• Your goal: Exactly as they appear below, repeat the lines from the one with "Definition event_X (k" through the one with "a in A is [a", and no others.

• Input for this task:
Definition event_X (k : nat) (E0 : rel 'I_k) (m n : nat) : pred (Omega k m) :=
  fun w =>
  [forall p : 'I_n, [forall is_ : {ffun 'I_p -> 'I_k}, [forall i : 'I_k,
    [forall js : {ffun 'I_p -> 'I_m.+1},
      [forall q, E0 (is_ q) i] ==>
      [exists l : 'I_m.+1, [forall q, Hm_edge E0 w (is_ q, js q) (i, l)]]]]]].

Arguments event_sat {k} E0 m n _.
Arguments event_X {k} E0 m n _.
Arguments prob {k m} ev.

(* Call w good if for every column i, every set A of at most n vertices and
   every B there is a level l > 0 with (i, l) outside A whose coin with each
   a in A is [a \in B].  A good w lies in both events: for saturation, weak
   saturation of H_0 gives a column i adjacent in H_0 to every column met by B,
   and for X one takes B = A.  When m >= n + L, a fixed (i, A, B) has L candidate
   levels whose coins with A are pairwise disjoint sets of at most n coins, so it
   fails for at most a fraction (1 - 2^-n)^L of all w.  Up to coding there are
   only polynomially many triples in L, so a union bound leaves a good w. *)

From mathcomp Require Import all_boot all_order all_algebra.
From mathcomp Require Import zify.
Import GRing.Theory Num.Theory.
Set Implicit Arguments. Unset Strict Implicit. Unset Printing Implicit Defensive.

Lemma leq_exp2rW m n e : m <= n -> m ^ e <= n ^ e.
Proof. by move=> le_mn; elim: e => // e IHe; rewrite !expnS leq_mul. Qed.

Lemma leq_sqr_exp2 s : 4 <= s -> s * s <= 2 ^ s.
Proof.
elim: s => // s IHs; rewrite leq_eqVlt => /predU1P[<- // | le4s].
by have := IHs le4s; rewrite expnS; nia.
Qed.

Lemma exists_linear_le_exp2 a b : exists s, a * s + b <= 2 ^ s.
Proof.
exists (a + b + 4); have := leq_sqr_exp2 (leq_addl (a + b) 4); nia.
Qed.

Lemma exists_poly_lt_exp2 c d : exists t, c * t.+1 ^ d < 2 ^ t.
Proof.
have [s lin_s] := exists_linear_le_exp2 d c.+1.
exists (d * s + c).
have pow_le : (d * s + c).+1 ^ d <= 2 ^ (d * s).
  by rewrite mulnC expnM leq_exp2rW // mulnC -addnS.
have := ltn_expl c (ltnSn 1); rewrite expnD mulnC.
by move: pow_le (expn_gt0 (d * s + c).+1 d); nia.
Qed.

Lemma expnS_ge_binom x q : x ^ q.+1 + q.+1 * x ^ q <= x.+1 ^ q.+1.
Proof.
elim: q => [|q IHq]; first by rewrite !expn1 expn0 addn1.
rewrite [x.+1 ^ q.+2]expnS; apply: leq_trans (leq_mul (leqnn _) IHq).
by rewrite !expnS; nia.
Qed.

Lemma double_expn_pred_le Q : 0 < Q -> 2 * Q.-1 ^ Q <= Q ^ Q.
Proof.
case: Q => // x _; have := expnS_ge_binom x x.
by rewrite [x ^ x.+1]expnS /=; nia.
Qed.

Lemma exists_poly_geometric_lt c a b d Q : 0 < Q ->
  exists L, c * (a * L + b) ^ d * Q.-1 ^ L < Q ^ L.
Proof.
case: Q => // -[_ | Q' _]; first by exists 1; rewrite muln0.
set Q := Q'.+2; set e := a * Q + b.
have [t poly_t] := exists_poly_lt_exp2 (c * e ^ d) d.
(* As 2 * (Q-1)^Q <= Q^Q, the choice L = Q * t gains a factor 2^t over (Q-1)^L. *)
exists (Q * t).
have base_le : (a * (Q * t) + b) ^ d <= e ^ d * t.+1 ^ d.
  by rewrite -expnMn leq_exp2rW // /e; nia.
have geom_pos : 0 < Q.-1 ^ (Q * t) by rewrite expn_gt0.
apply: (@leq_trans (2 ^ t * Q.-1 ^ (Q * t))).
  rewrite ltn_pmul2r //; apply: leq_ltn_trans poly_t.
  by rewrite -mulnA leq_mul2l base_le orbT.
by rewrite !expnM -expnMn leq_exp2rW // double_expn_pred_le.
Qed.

...

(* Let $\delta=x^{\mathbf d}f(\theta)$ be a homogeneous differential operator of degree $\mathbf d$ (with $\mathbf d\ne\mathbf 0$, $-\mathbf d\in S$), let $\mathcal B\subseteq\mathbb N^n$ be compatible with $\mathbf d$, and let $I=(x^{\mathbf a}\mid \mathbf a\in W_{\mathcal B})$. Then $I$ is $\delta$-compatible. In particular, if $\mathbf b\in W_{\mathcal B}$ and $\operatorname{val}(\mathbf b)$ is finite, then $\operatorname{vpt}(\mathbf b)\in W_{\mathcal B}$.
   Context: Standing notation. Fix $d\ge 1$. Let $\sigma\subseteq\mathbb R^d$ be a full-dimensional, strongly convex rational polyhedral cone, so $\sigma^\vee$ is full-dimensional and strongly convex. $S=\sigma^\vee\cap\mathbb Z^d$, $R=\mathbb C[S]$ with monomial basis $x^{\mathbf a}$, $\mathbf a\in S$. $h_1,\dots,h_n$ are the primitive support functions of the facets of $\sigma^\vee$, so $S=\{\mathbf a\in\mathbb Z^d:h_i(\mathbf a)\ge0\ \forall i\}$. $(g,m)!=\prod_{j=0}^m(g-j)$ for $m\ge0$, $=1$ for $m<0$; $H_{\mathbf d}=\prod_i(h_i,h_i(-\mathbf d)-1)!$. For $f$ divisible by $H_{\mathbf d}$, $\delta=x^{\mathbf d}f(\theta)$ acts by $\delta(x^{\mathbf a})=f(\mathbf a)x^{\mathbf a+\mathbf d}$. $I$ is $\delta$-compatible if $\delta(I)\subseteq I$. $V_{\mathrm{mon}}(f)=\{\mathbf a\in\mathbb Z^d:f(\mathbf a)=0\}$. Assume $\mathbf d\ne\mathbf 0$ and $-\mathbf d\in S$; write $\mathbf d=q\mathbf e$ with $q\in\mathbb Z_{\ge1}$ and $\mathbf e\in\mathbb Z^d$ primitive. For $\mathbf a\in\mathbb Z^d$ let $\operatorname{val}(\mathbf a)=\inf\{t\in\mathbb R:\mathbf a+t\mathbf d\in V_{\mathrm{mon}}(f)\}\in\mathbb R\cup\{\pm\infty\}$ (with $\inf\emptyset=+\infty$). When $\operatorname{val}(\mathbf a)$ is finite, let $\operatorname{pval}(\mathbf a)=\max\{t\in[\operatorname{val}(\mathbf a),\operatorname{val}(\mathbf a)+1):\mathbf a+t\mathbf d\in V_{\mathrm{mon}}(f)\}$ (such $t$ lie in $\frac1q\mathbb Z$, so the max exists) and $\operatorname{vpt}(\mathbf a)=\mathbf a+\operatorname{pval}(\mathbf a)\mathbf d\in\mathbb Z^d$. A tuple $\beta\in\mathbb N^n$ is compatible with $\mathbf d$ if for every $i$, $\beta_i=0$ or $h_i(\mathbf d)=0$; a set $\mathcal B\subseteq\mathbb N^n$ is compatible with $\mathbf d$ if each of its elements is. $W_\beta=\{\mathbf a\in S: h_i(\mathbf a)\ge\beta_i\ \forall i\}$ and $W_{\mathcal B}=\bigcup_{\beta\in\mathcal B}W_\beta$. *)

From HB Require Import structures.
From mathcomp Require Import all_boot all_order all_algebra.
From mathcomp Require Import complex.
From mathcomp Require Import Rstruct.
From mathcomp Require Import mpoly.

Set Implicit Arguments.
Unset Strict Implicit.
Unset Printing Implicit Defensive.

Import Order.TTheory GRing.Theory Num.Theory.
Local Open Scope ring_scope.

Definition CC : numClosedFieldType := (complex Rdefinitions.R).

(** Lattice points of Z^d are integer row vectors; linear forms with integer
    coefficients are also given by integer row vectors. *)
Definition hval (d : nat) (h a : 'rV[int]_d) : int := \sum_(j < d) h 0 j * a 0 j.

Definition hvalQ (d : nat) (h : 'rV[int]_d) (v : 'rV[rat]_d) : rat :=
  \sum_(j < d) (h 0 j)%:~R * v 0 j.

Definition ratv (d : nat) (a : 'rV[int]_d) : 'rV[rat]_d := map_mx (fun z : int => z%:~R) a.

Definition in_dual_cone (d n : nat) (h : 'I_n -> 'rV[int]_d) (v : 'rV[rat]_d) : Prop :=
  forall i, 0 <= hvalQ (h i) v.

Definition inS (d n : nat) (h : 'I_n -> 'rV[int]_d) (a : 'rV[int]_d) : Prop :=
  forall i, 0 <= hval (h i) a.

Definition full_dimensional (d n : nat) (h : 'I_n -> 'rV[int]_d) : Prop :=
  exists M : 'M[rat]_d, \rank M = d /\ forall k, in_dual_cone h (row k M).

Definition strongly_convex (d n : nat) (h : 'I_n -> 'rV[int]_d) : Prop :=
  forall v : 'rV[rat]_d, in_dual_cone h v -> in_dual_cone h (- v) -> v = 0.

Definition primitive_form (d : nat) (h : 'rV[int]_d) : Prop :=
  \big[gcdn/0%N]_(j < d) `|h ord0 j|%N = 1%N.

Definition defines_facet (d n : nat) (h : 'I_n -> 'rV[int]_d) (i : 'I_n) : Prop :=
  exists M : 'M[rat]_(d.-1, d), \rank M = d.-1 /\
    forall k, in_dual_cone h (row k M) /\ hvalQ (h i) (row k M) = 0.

--

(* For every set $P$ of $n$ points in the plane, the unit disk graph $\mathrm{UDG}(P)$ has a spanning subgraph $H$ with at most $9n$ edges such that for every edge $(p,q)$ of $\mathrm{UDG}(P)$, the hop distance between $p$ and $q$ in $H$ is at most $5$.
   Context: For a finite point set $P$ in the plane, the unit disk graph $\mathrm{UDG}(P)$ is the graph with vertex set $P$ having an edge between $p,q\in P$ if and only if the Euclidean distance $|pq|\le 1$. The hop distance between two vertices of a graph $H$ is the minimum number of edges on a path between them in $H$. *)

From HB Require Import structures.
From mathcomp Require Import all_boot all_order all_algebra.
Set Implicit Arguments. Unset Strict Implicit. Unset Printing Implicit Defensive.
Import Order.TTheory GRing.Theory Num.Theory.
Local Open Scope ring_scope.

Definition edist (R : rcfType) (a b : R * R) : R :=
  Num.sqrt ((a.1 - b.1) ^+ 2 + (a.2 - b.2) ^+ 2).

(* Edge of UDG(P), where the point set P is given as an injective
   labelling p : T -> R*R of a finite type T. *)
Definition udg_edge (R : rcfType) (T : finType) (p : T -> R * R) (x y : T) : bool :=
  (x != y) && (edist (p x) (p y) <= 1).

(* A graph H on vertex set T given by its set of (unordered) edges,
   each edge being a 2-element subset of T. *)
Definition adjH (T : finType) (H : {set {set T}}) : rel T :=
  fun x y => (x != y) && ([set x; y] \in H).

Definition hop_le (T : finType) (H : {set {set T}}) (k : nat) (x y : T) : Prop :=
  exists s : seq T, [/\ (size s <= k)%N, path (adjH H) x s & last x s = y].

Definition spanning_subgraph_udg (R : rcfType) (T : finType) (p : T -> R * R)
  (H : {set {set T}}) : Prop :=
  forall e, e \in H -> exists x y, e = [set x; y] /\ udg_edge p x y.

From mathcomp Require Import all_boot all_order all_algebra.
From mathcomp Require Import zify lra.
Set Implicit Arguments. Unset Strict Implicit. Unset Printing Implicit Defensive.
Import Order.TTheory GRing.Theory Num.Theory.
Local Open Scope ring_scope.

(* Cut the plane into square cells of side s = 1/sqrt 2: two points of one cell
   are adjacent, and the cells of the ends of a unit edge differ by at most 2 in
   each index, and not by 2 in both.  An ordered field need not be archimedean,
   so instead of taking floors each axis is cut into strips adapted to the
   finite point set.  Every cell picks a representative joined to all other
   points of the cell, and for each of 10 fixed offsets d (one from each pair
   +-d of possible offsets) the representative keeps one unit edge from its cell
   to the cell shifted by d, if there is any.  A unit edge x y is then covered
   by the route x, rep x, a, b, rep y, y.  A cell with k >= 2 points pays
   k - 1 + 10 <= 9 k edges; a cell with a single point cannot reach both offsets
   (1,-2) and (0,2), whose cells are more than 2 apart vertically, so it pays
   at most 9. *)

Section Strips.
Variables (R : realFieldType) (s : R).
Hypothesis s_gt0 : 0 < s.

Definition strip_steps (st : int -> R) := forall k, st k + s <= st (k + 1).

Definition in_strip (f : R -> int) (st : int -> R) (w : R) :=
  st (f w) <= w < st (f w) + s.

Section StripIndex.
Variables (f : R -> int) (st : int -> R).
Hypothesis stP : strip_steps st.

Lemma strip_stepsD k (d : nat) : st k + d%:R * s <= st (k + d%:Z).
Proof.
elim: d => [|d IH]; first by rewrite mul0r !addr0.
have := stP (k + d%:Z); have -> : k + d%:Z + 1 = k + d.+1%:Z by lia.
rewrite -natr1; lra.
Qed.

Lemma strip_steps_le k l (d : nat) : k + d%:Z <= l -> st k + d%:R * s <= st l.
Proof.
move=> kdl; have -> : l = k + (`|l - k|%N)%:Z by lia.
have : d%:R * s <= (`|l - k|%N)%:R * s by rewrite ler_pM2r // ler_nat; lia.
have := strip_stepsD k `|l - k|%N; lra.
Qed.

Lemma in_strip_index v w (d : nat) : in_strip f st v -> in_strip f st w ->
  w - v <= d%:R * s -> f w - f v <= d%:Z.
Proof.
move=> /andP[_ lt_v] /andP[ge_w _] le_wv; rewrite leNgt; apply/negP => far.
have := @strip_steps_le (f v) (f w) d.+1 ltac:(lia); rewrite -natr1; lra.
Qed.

• Solution to this task:
Definition event_X (k : nat) (E0 : rel 'I_k) (m n : nat) : pred (Omega k m) :=
  fun w =>
  [forall p : 'I_n, [forall is_ : {ffun 'I_p -> 'I_k}, [forall i : 'I_k,
    [forall js : {ffun 'I_p -> 'I_m.+1},
      [forall q, E0 (is_ q) i] ==>
      [exists l : 'I_m.+1, [forall q, Hm_edge E0 w (is_ q, js q) (i, l)]]]]]].

Arguments event_sat {k} E0 m n _.
Arguments event_X {k} E0 m n _.
Arguments prob {k m} ev.

(* Call w good if for every column i, every set A of at most n vertices and
   every B there is a level l > 0 with (i, l) outside A whose coin with each
   a in A is [a \in B].  A good w lies in both events: for saturation, weak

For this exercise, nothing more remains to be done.